One of the mechanisms proposed regarding the risk of DAAs towards development of HCC is that DAAs downregulate interferon genes, disrupting the innate immunosurveillance of the body[8]. In the chronic phase of HCV, an estimated 1012 virions are produced per day by infected hepatocytes[11]. These trigger an immune response mediated primarily by natural killer (NK) cells which release cytokines such as interferon (IFN)-γ. IFNs upregulate interferon stimulated genes which have an anti-proliferative response by prolonging all phases of the cell cycle and decreasing viral replication. When HCV infection becomes persistent, NK cells become dysfunctional due to continuous antigenic stimulation by the high load of virions, resulting in impaired production of IFNs[12]. In mice models, it was observed that decreased levels of IFN-γ independently control tumorigenesis[13]. Thus the downregulation of these genes in IFN free therapy could contribute to development of HCC.

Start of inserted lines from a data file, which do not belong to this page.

(* Let $G$ be a graph whose minimum degree is $3$. Then $\mu(G)\leq 3$.
   Context: Multi-graphs have no self-loops; the skeleton of a multi-graph is its underlying simple graph. Each edge $e$ between $u$ and $v$ consists of two half-edges $e_u$ and $e_v$. A half-edge colouring is a function $c$ from the set of half-edges to $\mathbb{N}_0$; each edge $e$ also gets a weight $w(e)\in\mathbb{C}$. The weight of a perfect matching $P$ is $\prod_{e\in P}w(e)$. A vertex colouring is a map $vc:V\to\mathbb{N}_0$; it filters out the subgraph consisting of all edges $e$ (between $u,v$) with $c(e_u)=vc(u)$ and $c(e_v)=vc(v)$ (with the same weights). The weight of $vc$ is the sum of the weights of all perfect matchings of this filtered subgraph; $vc$ is feasible if the filtered subgraph has at least one perfect matching (an infeasible colouring has weight $0$). An edge-coloured edge-weighted multi-graph is GHZ if every feasible monochromatic vertex colouring has weight $1$ and every non-monochromatic vertex colouring has weight $0$; its dimension is the number of feasible monochromatic vertex colourings. For a simple graph $G$, the matching index $\mu(G)$ is the maximum (possibly $\infty$) of the dimension over all GHZ edge-coloured edge-weighted multi-graphs whose skeleton is $G$. *)

From mathcomp Require Import all_boot all_algebra.
From mathcomp Require Import complex.
From mathcomp Require Import Rstruct.

Set Implicit Arguments.
Unset Strict Implicit.
Unset Printing Implicit Defensive.

Import GRing.Theory.
Local Open Scope ring_scope.

Notation Cplx := (Rdefinitions.R[i]).

Definition simple_graph (V : finType) (g : rel V) : Prop :=
  symmetric g /\ irreflexive g.

Definition degree (V : finType) (g : rel V) (v : V) : nat := #|[set u | g v u]|.

Definition min_degree_is (V : finType) (g : rel V) (k : nat) : Prop :=
  (forall v, k <= degree g v)%N /\ exists v, degree g v = k.

(** Multi-graphs on vertex set V: a finite type E of edges, each edge x
    having endpoints [ends x = (u, v)] with u <> v (no self-loops).
    The half-edges of x are (x, false) at (ends x).1 and (x, true) at
    (ends x).2. *)
Definition no_self_loops (V E : finType) (ends : E -> V * V) : Prop :=
  forall x, (ends x).1 != (ends x).2.

Definition skeleton_is (V E : finType) (ends : E -> V * V) (g : rel V) : Prop :=
  forall u v, g u v = [exists x, (ends x == (u, v)) || (ends x == (v, u))].

Section Colourings.
Variables (V E : finType) (ends : E -> V * V).
Variables (c : E -> bool -> nat) (w : E -> Cplx).

Definition incident (v : V) (x : E) : bool :=
  ((ends x).1 == v) || ((ends x).2 == v).

Definition kept (vc : V -> nat) (x : E) : bool :=
  (c x false == vc (ends x).1) && (c x true == vc (ends x).2).

Definition perfect_matching (vc : V -> nat) (P : {set E}) : bool :=
  [forall x in P, kept vc x] &&
  [forall v : V, #|[set x in P | incident v x]| == 1%N].

Definition matching_weight (P : {set E}) : Cplx := \prod_(x in P) w x.

Definition vc_weight (vc : V -> nat) : Cplx :=
  \sum_(P : {set E} | perfect_matching vc P) matching_weight P.

Definition feasible (vc : V -> nat) : bool :=
  [exists P : {set E}, perfect_matching vc P].

Definition monochromatic (vc : V -> nat) : Prop := forall u v, vc u = vc v.

Definition GHZ : Prop :=
  (forall vc : V -> nat, monochromatic vc -> feasible vc -> vc_weight vc = 1) /\
  (forall vc : V -> nat, ~ monochromatic vc -> vc_weight vc = 0).

Definition max_colour : nat := \max_(x : E) maxn (c x false) (c x true).

(* dimension = number of feasible monochromatic vertex colourings,
   i.e. number of colours k such that the constant colouring k is feasible.
   Such k are the colours of half-edges, hence <= max_colour. *)
Definition dimension : nat :=
  size [seq k <- iota 0 max_colour.+1 | feasible (fun _ => k)].

End Colourings.

From mathcomp Require Import all_boot all_algebra ring zify.
From mathcomp Require Import complex Rstruct.

(* Let v be a vertex of degree 3 with neighbours a, b, c, and suppose four colours
   s_0, ..., s_3 have feasible monochromatic colourings.  Splitting a perfect
   matching at its edge through v writes the weight of a vertex colouring as
   sum_y G_y * L_y(colour of v, colour of y) over y in {a, b, c}, where L_y collects
   the edges vy and G_y, a sum over perfect matchings of G - v - y, ignores the
   colours of v and y.  Colour every other vertex s_k0 and sum the weights of the
   colourings giving v, a, b, c the colours s_jv, s_ja, s_jb, s_jc, with coefficient
   hA(ja) hB(jb) hC(jc).  If each h_y is orthogonal to j |-> sum_jv L_y(s_jv, s_j),
   every term of the decomposition cancels and the total is 0.  By the GHZ property
   only monochromatic colourings contribute, so if hA hB hC vanishes off k0 the
   total is hA(k0) hB(k0) hC(k0).  In dimension 4 such vectors with a nonzero value
   at k0 exist: each h_y is supported on k0 and one partner index, and k0 and the
   partners can be chosen so that the three supports meet only in k0. *)

Set Implicit Arguments.
Unset Strict Implicit.
Unset Printing Implicit Defensive.

Import GRing.Theory.
Local Open Scope ring_scope.

Section Star.
Variables (V E : finType) (ends : E -> V * V) (c : E -> bool -> nat) (w : E -> Cplx).
Variable v : V.

Definition deg_in (P : {set E}) (u : V) : nat := #|[set x in P | incident ends u x]|.

Definition covers_once (P : {set E}) : bool := [forall u, deg_in P u == 1%N].

Definition residual_matching (y : V) (Q : {set E}) : bool :=
  [forall u, deg_in Q u == ((u != v) && (u != y))].

Definition kept_weight (vc : V -> nat) (x : E) : Cplx := if kept ends c vc x then w x else 0.

Definition residual_weight (y : V) (vc : V -> nat) : Cplx :=
  \sum_(Q | residual_matching y Q) \prod_(x in Q) kept_weight vc x.

Definition other (x : E) : V := if (ends x).1 == v then (ends x).2 else (ends x).1.

(* For [x] incident to [v], the half-edge of [x] at [v] is [(x, vside x)]. *)
Definition vside (x : E) : bool := (ends x).1 != v.

Definition link (y : V) (kv ky : nat) : Cplx :=
  \sum_(x | incident ends v x && (other x == y))
    w x * (c x (vside x) == kv)%:R * (c x (~~ vside x) == ky)%:R.

Lemma vc_weight_covers vc :
  vc_weight ends c w vc = \sum_(P | covers_once P) \prod_(x in P) kept_weight vc x.
Proof.
rewrite /vc_weight big_mkcond [RHS]big_mkcond; apply: eq_bigr => P _.
have -> : perfect_matching ends c vc P = [forall x in P, kept ends c vc x] && covers_once P.
  by [].
case: (covers_once P); rewrite ?andbF ?andbT //.
case: (boolP [forall x in P, kept ends c vc x]) => [keptP | /forall_inPn [x xP nkx]].
  by apply: eq_bigr => x xP; rewrite /kept_weight (forall_inP keptP x xP).
by rewrite (bigD1 x xP) /= /kept_weight (negbTE nkx) mul0r.
Qed.

Lemma covers_once_at_v (F : {set E} -> Cplx) :
  \sum_(P | covers_once P) F P =
  \sum_(x | incident ends v x) \sum_(P | covers_once P && (x \in P)) F P.
Proof.
under [RHS]eq_bigr do rewrite big_mkcondr.
rewrite exchange_big /=; apply: eq_bigr => P /forallP /(_ v) /eqP degv.
rewrite -big_mkcondr /= sumr_const.
suff -> : #|[pred x | incident ends v x && (x \in P)]| = 1%N by [].
by rewrite -degv; apply: eq_card => x; rewrite !inE andbC.
Qed.

Lemma incident_other x u :
  incident ends v x -> incident ends u x = (u == v) || (u == other x).
Proof.
rewrite /incident /other; case: eqP => [<- _ | _ /= /eqP <-].
  by rewrite !(eq_sym u).
by rewrite orbC !(eq_sym u).
Qed.

Lemma deg_in_setU1 x (Q : {set E}) u :
  x \notin Q -> deg_in (x |: Q) u = (incident ends u x + deg_in Q u)%N.
Proof.
move=> xQ; rewrite /deg_in; case: (boolP (incident ends u x)) => ux.
  have -> : [set z in x |: Q | incident ends u z] = x |: [set z in Q | incident ends u z].
    by apply/setP => z; rewrite !inE; case: eqP => // ->; rewrite ux.
  by rewrite cardsU1 inE (negbTE xQ).
rewrite add0n; apply: eq_card => z; rewrite !inE.
by case: eqP => // ->; rewrite (negbTE ux) (negbTE xQ).
Qed.

Lemma deg_in0 (P : {set E}) u x : deg_in P u = 0%N -> x \in P -> ~~ incident ends u x.
Proof.
move=> /eqP; rewrite cards_eq0 => /eqP P0 xP; apply/negP => ux.
by have := in_set0 x; rewrite -P0 inE xP ux.
Qed.

Lemma residual_matching_notin x (Q : {set E}) :
  incident ends v x -> residual_matching (other x) Q -> x \notin Q.
Proof.
move=> vx /forallP /(_ v); rewrite eqxx /= => /eqP degv.
by apply/negP => /(deg_in0 degv); rewrite vx.
Qed.

Lemma covers_once_setU1 x (Q : {set E}) :
  incident ends v x -> x \notin Q ->
  covers_once (x |: Q) = residual_matching (other x) Q.
Proof.
move=> vx xQ; apply: eq_forallb => u.
rewrite deg_in_setU1 // (incident_other _ vx) -negb_or.
by case: (_ || _); rewrite ?add1n ?add0n ?eqSS.
Qed.

Lemma covers_once_through x vc :
  incident ends v x ->
  \sum_(P | covers_once P && (x \in P)) \prod_(z in P) kept_weight vc z =
  kept_weight vc x * residual_weight (other x) vc.
Proof.
move=> vx.
rewrite (reindex_onto (fun Q => x |: Q) (fun P => P :\ x)); last first.
  by move=> P /andP [_ xP]; rewrite setD1K.
rewrite /residual_weight big_distrr /=; apply: eq_big => Q; last first.
  move=> /andP [_ /eqP QxQ].
  by rewrite big_setU1 //= -QxQ setD11.
rewrite setU11 andbT; case: (boolP (x \in Q)) => xQ.
  rewrite (contraTF (residual_matching_notin vx) xQ).
  by apply/negbTE/nandP; right; apply: contraTneq xQ => <-; rewrite setD11.
by rewrite setU1K // eqxx andbT covers_once_setU1.
Qed.

Lemma vc_weight_star vc :
  vc_weight ends c w vc =
  \sum_(x | incident ends v x) kept_weight vc x * residual_weight (other x) vc.
Proof.
rewrite vc_weight_covers covers_once_at_v.
by apply: eq_bigr => x vx; rewrite covers_once_through.
Qed.

Lemma kept_weight_at_v vc x :
  incident ends v x ->
  kept_weight vc x = w x * (c x (vside x) == vc v)%:R * (c x (~~ vside x) == vc (other x))%:R.
Proof.
rewrite /kept_weight /kept /vside /other /incident.
case: eqP => [-> _ | _ /= /eqP ->];
  by case: (c x false == _); case: (c x true == _); rewrite ?mulr1 ?mulr0.
Qed.

Lemma residual_weight_local y vc1 vc2 :
  (forall u, u != v -> u != y -> vc1 u = vc2 u) ->
  residual_weight y vc1 = residual_weight y vc2.
Proof.
move=> vc12; apply: eq_bigr => Q resQ; apply: eq_bigr => x xQ.
have avoid u : (u == v) || (u == y) -> ~~ incident ends u x.
  move=> uvy; apply: (deg_in0 _ xQ); move/forallP/(_ u)/eqP: resQ => ->.
  by rewrite -negb_or uvy.
move: (avoid v) (avoid y); rewrite !eqxx orbT /incident !negb_or.
move=> /(_ isT) /andP [v1 v2] /(_ isT) /andP [y1 y2].
by rewrite /kept_weight /kept !vc12 // eq_sym.
Qed.

End Star.

Section NestedSums.
Variables (R : comPzRingType) (I : finType).

Lemma sum_delta (G : I -> R) k : \sum_j (j == k)%:R * G j = G k.
Proof. by rewrite (bigD1 k) //= eqxx mul1r big1 ?addr0 // => j /negbTE ->; rewrite mul0r. Qed.

Lemma sum4_mul (F G : I -> I -> R) :
  \sum_i1 \sum_i2 \sum_i3 \sum_i4 F i1 i2 * G i3 i4 =
  (\sum_i1 \sum_i2 F i1 i2) * (\sum_i3 \sum_i4 G i3 i4).
Proof.
rewrite big_distrl; apply: eq_bigr => i1 _; rewrite big_distrl; apply: eq_bigr => i2 _.
by rewrite big_distrr; apply: eq_bigr => i3 _; rewrite big_distrr.
Qed.

Lemma sum2_mulr (h : I -> R) (A : I -> I -> R) :
  \sum_i \sum_j h j * A i j = \sum_j h j * \sum_i A i j.
Proof. by rewrite exchange_big; apply: eq_bigr => j _; rewrite big_distrr. Qed.

Lemma star_sum_orthogonal (hA hB hC : I -> R) (A B C GA GB GC : I -> I -> R) :
  \sum_j hA j * \sum_i A i j = 0 ->
  \sum_j hB j * \sum_i B i j = 0 ->
  \sum_j hC j * \sum_i C i j = 0 ->
  \sum_i \sum_ja \sum_jb \sum_jc hA ja * hB jb * hC jc *
    (GA jb jc * A i ja + GB ja jc * B i jb + GC ja jb * C i jc) = 0.
Proof.
move=> oA oB oC.
have termA : \sum_i \sum_ja \sum_jb \sum_jc (hA ja * A i ja) * (hB jb * hC jc * GA jb jc) = 0.
  by rewrite sum4_mul sum2_mulr oA mul0r.
have termB : \sum_i \sum_ja \sum_jb \sum_jc (hB jb * B i jb) * (hA ja * hC jc * GB ja jc) = 0.
  by under eq_bigr do rewrite exchange_big; rewrite sum4_mul sum2_mulr oB mul0r.
have termC : \sum_i \sum_ja \sum_jb \sum_jc (hC jc * C i jc) * (hA ja * hB jb * GC ja jb) = 0.
  under eq_bigr do under eq_bigr do rewrite exchange_big.
  by under eq_bigr do rewrite exchange_big; rewrite sum4_mul sum2_mulr oC mul0r.
transitivity (\sum_i \sum_ja \sum_jb \sum_jc
  ((hA ja * A i ja) * (hB jb * hC jc * GA jb jc) +
   (hB jb * B i jb) * (hA ja * hC jc * GB ja jc) +
   (hC jc * C i jc) * (hA ja * hB jb * GC ja jb))).
  by do 4!(apply: eq_bigr => ? _); ring.
under eq_bigr do under eq_bigr do under eq_bigr do rewrite !big_split.
under eq_bigr do under eq_bigr do rewrite !big_split.
under eq_bigr do rewrite !big_split.
by rewrite !big_split /= termA termB termC !addr0.
Qed.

Analysis of the peripheral blood mononuclear cells (PBMCs) of CHC patients treated with DAAs has shown that in comparison to healthy controls, these patients have attenuated activity of both NK cells and monocytes, reflected by a decreased level of inflammatory cytokines in patients who had achieved rapid virological response (RVR), i.e., undetectable HCV RNA at the end of 4 wk of DAA treatment[14]. Natural Killer cell group 2D (NKG2D) is an activating receptor of immune responses which has been studied in the context of HCV associated HCC. It has been found that in HCV patients treated with IFN free DAA therapy, an on treatment decrease in the expression of NKG2D correlated to the early occurrence and recurrence of clinically evident HCC within the 6-mo surveillance period following treatment[15].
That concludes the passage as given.